生き残りをかけたこうした舵切りのことを、スタートアップの世界では「ピボット」と呼ぶ。軸足を残しながら、もう片方の足を大きく旋回させ、体を全く違うところに着地させることで、元はバスケットボール用語だ。
シリコンバレーで出会った先達たちのアドバイスが、僕に軽やかなピボットを成功させ、やがてフラクタは「石油産業に向けた、配管点検ロボット企業」から、「水道産業に向けた、人工知能による配管の劣化分析ソフトウェア企業」に変わっていった。苦労の末のピボットの方向性は、どうやら正しかったようだ。徐々にアメリカで顧客数が増えていき、栗田工業の買収劇と相成ったのだ。
こうしてピボットを繰り返すうち、僕は「人工知能(=コンピューターによるパターン認識)」というソフトウエア技術が、未来の世界で果たす役割の大きさに気づいていった。ハードウエアとしてのロボットが、実際の社会生活に入り込むまでには、僕が予想したよりも遥かに多くの時間がかかるのかもしれない。
■第4次産業革命の成果はすでに出始めている
このところ、上場したロボット企業の株価が軒並み低迷している本当の理由も、自分で2社ほどロボット企業を経営したからこそ、より深く理解できることがある。
ロボットで何かの作業をやるならば、まだ安い人件費で人間がやるということ、もしくはもっともっと簡単な機構でできた小型装置(ワイヤーとセンサー1個など)を使用することに(経済的な)軍配が上がってしまうという状況が、最悪もう10年、20年と続いてしまうかもしれない。残念ではあるが、それが現実なのだ。
ところが、ちょっと聞いただけでは、ロボットよりも時間がかかりそうだと思っていた人工知能分野が社会的に果たす役割については、既に社会実装において、経済的に合理的な成果が出始めているというのが僕の観察だ。
この破壊的な技術革新は、第4次産業革命と呼ばれるにふさわしい。僕がこの本の中で、興奮しながら自分が見つけたこの事業機会について語っている箇所を読み返すとき、あの時の感動がよみがえり、今でも胸がいっぱいになる。
■スタートアップの経営は「徒弟制度」に似ている
アメリカの起業教育、ベンチャー論の大家(元Babson College教授)に、今は亡きジェフリー・ティモンズという人がいる。かつて彼が自らの著書で語ったことが、今でも忘れられない。スタートアップでの経営に触れる最高の機会は、ある種の徒弟制度にあるというのだ。
スタートアップで起こること、実際の意思決定を、教科書的に学ぶことはできない。だからこそ、自分のロールモデルになる人を見つけ、その人の経験を間近で聞くことによって、スタートアップとは何であるのか? 何が成功の法則であるのかということを、肌で覚えるしかないという話だったと記憶している。

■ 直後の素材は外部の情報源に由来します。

Lemma chiI_open_piece (j k : nat) (t : R) : (1 <= j <= n)%nat -> (1 <= k <= n)%nat ->
  alpha a k < t <= alpha a (S k) -> chiI a j t = if Nat.eqb j k then 1 else 0.
Proof.
  intros Hj Hk Ht. pose proof (alpha_bounds n a a_pos a_sum k ltac:(lia)).
  unfold chiI.
  destruct (Nat.eqb_spec j k) as [->|Hjk].
  - destruct (Nat.eqb_spec k 1) as [->|_];
      repeat destruct Rle_dec; repeat destruct Rlt_dec; lra.
  - destruct (Nat.lt_ge_cases j k) as [Hlt|Hge].
    + pose proof (alpha_le n a a_pos (S j) k ltac:(lia) ltac:(lia)).
      destruct (Nat.eqb_spec j 1) as [->|_];
        repeat destruct Rle_dec; repeat destruct Rlt_dec; lra.
    + pose proof (alpha_le n a a_pos (S k) j ltac:(lia) ltac:(lia)).
      destruct (Nat.eqb_spec j 1) as [->|_]; [lia|].
      repeat destruct Rle_dec; repeat destruct Rlt_dec; lra.
Qed.

Lemma G_open_piece (k : nat) (t : R) : (1 <= k <= n)%nat ->
  alpha a k < t <= alpha a (S k) -> G n a c d beta f t = d k * f (Sinv a k t) + c k * t + beta k.
Proof.
  intros Hk Ht. unfold G.
  rewrite (sum1_single _ n k Hk), (chiI_open_piece k k t Hk Hk Ht), Nat.eqb_refl; [ring|].
  intros j Hj Hjk. rewrite (chiI_open_piece j k t Hj Hk Ht).
  apply Nat.eqb_neq in Hjk. rewrite Hjk. ring.
Qed.

Hypothesis f_cont : continuous_on01 f.
Hypothesis f_fix : forall t, 0 <= t <= 1 -> f t = G n a c d beta f t.

(* On the half-open pieces this is the fixed-point equation; the left endpoints, where [G]
   uses the previous piece, follow by right continuity. *)
Lemma fixpoint_on_piece (k : nat) (t : R) : (1 <= k <= n)%nat ->
  alpha a k <= t <= alpha a (S k) -> f t = d k * f (Sinv a k t) + c k * t + beta k.
Proof.
  intros Hk Ht.
  pose proof (a_pos k Hk) as Hak. pose proof (alpha_S a k ltac:(lia)) as HS.
  pose proof (alpha_bounds n a a_pos a_sum k ltac:(lia)).
  pose proof (alpha_bounds n a a_pos a_sum (S k) ltac:(lia)).
  assert (Hopen : forall u, alpha a k < u <= alpha a (S k) ->
            f u = d k * f (Sinv a k u) + c k * u + beta k).
  { intros u Hu. rewrite <- G_open_piece by assumption. apply f_fix. lra. }
  destruct (Rle_lt_or_eq_dec _ _ (proj1 Ht)) as [Hlt|<-]; [apply Hopen; lra|].
  apply (right_continuous_agree f (fun u => d k * f (Sinv a k u) + c k * u + beta k)
           (alpha a k) (a k)).
  - apply continuous_on01_right; [assumption|lra].
  - unfold Sinv. apply right_continuous_rescale; [|lra].
    apply continuous_on01_right; [assumption|lra].
  - assumption.
  - intros h Hh. apply Hopen. lra.
Qed.
(* Equalities forced by the walks with [L] edges that use the chord once: [r] steps to the
   chord end [0], arriving from [l - r] ("up") or from [r] ("down"), the chord to [d], and
   [s] further steps up or down from [d]. *)
Definition chord_up_up :=
  forall r s, r + s = L.-1 -> r + s < l - d -> F (l - r) = F (d + s).
Definition chord_down_down :=
  forall r s, r + s = L.-1 -> r + s < d -> F r = F (d - s).
Definition chord_up_down :=
  forall r s, r + s = L.-1 -> r < l - d -> s < d -> F (l - r) = F (d - s).
Definition chord_down_up :=
  forall r s, r + s = L.-1 -> r < d -> s < l - d -> F r = F (d + s).

Hypotheses (oddL : odd L) (L_lt_l : L < l) (d_ge2 : 2 <= d) (d_le : d + 2 <= l).
Hypotheses (Fl : periodic F l) (FL : periodic F L).

Let Fl_L : periodic F (l - L) := periodicB Fl FL (ltnW L_lt_l).

Let period2_const : periodic F 2 -> forall p, F p = F 0.
Proof. by move=> F2; apply: (periodic_coprime_const _ _ F2 FL); rewrite ?coprime2n. Qed.

Lemma chord_period_pred : chord_up_up -> L <= l - d -> periodic F (d - 1).
Proof.
move=> up_up Lld; apply: (periodic_window (m := l - L + 1) _ FL) => [|j jL]; first lia.
have -> : l - L + 1 + j = l - (L.-1 - j) by lia.
rewrite (up_up (L.-1 - j) j); try lia.
by rewrite -[in RHS]Fl_L; congr F; lia.
Qed.

Lemma chord_period_succ : chord_down_down -> L <= d -> periodic F (d + 1).
Proof.
move=> down_down Ld; apply: (periodic_window (m := 0) _ FL) => [|j jL]; first lia.
rewrite add0n (down_down j (L.-1 - j)); try lia.
by rewrite -[in RHS]FL; congr F; lia.
Qed.

Lemma chord_const_short : chord_up_up -> chord_down_down -> chord_up_down ->
  chord_down_up -> L <= l - d -> forall p, F p = F 0.
Proof.
move=> up_up down_down up_down down_up Lld; apply: period2_const.
have Fd1 := chord_period_pred up_up Lld.
have [Ld | dL] := leqP L d.
  have -> : 2 = (d + 1) - (d - 1) by lia.
  by apply: periodicB (chord_period_succ down_down Ld) Fd1 _; lia.
have mirror r : r < d -> F r = F (l - r).
  move=> rd; rewrite (down_up r (L.-1 - r)); try lia.
  by rewrite -(Fd1 (l - r)) -(Fl_L (d + _)); congr F; lia.
have mirror1 e : e < d -> F e.+1 = F (l + 1 - e).
  move=> ed; rewrite -Fl_L (_ : e.+1 + (l - L) = l - (L.-1 - e)); last lia.
  rewrite (up_down (L.-1 - e) e); try lia.
  by rewrite -(Fd1 (l + 1 - e)) -(Fl (d - e)); congr F; lia.
apply: (periodic_window (m := 0) _ Fd1) => [|j jd]; first lia.
rewrite add0n addn2 mirror1; last lia.
by rewrite (mirror j); [congr F; lia | lia].
Qed.

Lemma chord_const_long : chord_up_down -> chord_down_up -> d < L -> l - d < L ->
  forall p, F p = F 0.
Proof.
move=> up_down down_up dL ldL; apply: period2_const.
have far z : z < l - L -> F (d + 1 + z) = F (l - L - z).
  move=> zl; rewrite (_ : d + 1 + z = l - (l - d - 1 - z)); last lia.
  rewrite (up_down (l - d - 1 - z) (L.-1 - (l - d - 1 - z))); try lia.
  by congr F; lia.
have near z : z < l - L -> F (d - 1 - z) = F z.
  move=> zl; rewrite (down_up (d - 1 - z) (L.-1 - (d - 1 - z))); try lia.
  by rewrite -(FL z); congr F; lia.
apply: (periodic_window (m := d - 1) _ Fl_L) => [|z zl]; first lia.
rewrite (_ : d - 1 + z + 2 = d + 1 + z); last lia.
rewrite far //; case: z zl => [|z] zl.
  by rewrite subn0 addn0 -[d - 1]subn0 near // -(Fl_L 0) add0n.
rewrite -(near (l - L - z.+1)); last lia.
by rewrite -(Fl_L (d - 1 - _)); congr F; lia.
Qed.
End ChordIdentities.

Lemma chord_const T (F : nat -> T) l L d :
  odd L -> L < l -> 2 <= d -> d + 2 <= l -> periodic F l -> periodic F L ->
  chord_up_up F l L d -> chord_down_down F L d ->
  chord_up_down F l L d -> chord_down_up F l L d -> forall p, F p = F 0.
Proof.
move=> oddL Ll d2 dl Fl FL up_up down_down up_down down_up.
have [Lld | ldL] := leqP L (l - d).
  exact: (chord_const_short oddL Ll d2 dl Fl FL up_up down_down up_down down_up Lld).
have [Ld | dL] := leqP L d; last first.
  exact: (chord_const_long oddL Ll d2 dl Fl FL up_down down_up dL ldL).
(* Seen from the other end of the chord, the roles of the two arcs are exchanged. *)
pose G y := F (d + y).
have FG p : F p = G (p + l - d) by rewrite /G -(Fl p); congr F; lia.
have GP P : periodic F P -> periodic G P by move=> FP p; rewrite /G addnA FP.
have G_up_up : chord_up_up G l L (l - d).
  move=> r s rs lt; rewrite /G.
  have -> : d + (l - r) = d - r + l by lia.
  have -> : d + (l - d + s) = s + l by lia.
  by rewrite !Fl (down_down s r) //; lia.
have G_down_down : chord_down_down G L (l - d).
  move=> r s rs lt; rewrite /G.
  have -> : d + (l - d - s) = l - s by lia.
  by rewrite (up_up s r) //; lia.
have G_up_down : chord_up_down G l L (l - d).
  move=> r s rs rl sl; rewrite /G.
  have -> : d + (l - r) = d - r + l by lia.
  have -> : d + (l - d - s) = l - s by lia.
  by rewrite Fl (up_down s r) //; lia.
have G_down_up : chord_down_up G l L (l - d).
  move=> r s rs rl sl; rewrite /G.
  have -> : d + (l - d + s) = s + l by lia.
  by rewrite Fl (down_up s r) //; lia.
have G_const : forall p, G p = G 0.
  apply: (chord_const_short oddL Ll _ _ (GP _ Fl) (GP _ FL) G_up_up G_down_down
            G_up_down G_down_up); lia.
by move=> p; rewrite FG G_const -(G_const (0 + l - d)) -FG.
Qed.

ところが、日本に住むほとんどの人たちに、シリコンバレーの起業家たちの生活を間近に見る機会はなかなか無い。その意味で、本書に書かれた僕の3年間の冒険の軌跡は、日本人がフルスケールの「アメリカ的」イノベーションとは何であるのかを知り、それを身近に感じるきっかけになるのではないかと思う。
日記スタイルで書かれているので、全文目を通しても、3~4時間で読めてしまうだろう。通学、通勤の途中で、また週末にコーヒーを飲みながら手にとってもらえたらうれしい。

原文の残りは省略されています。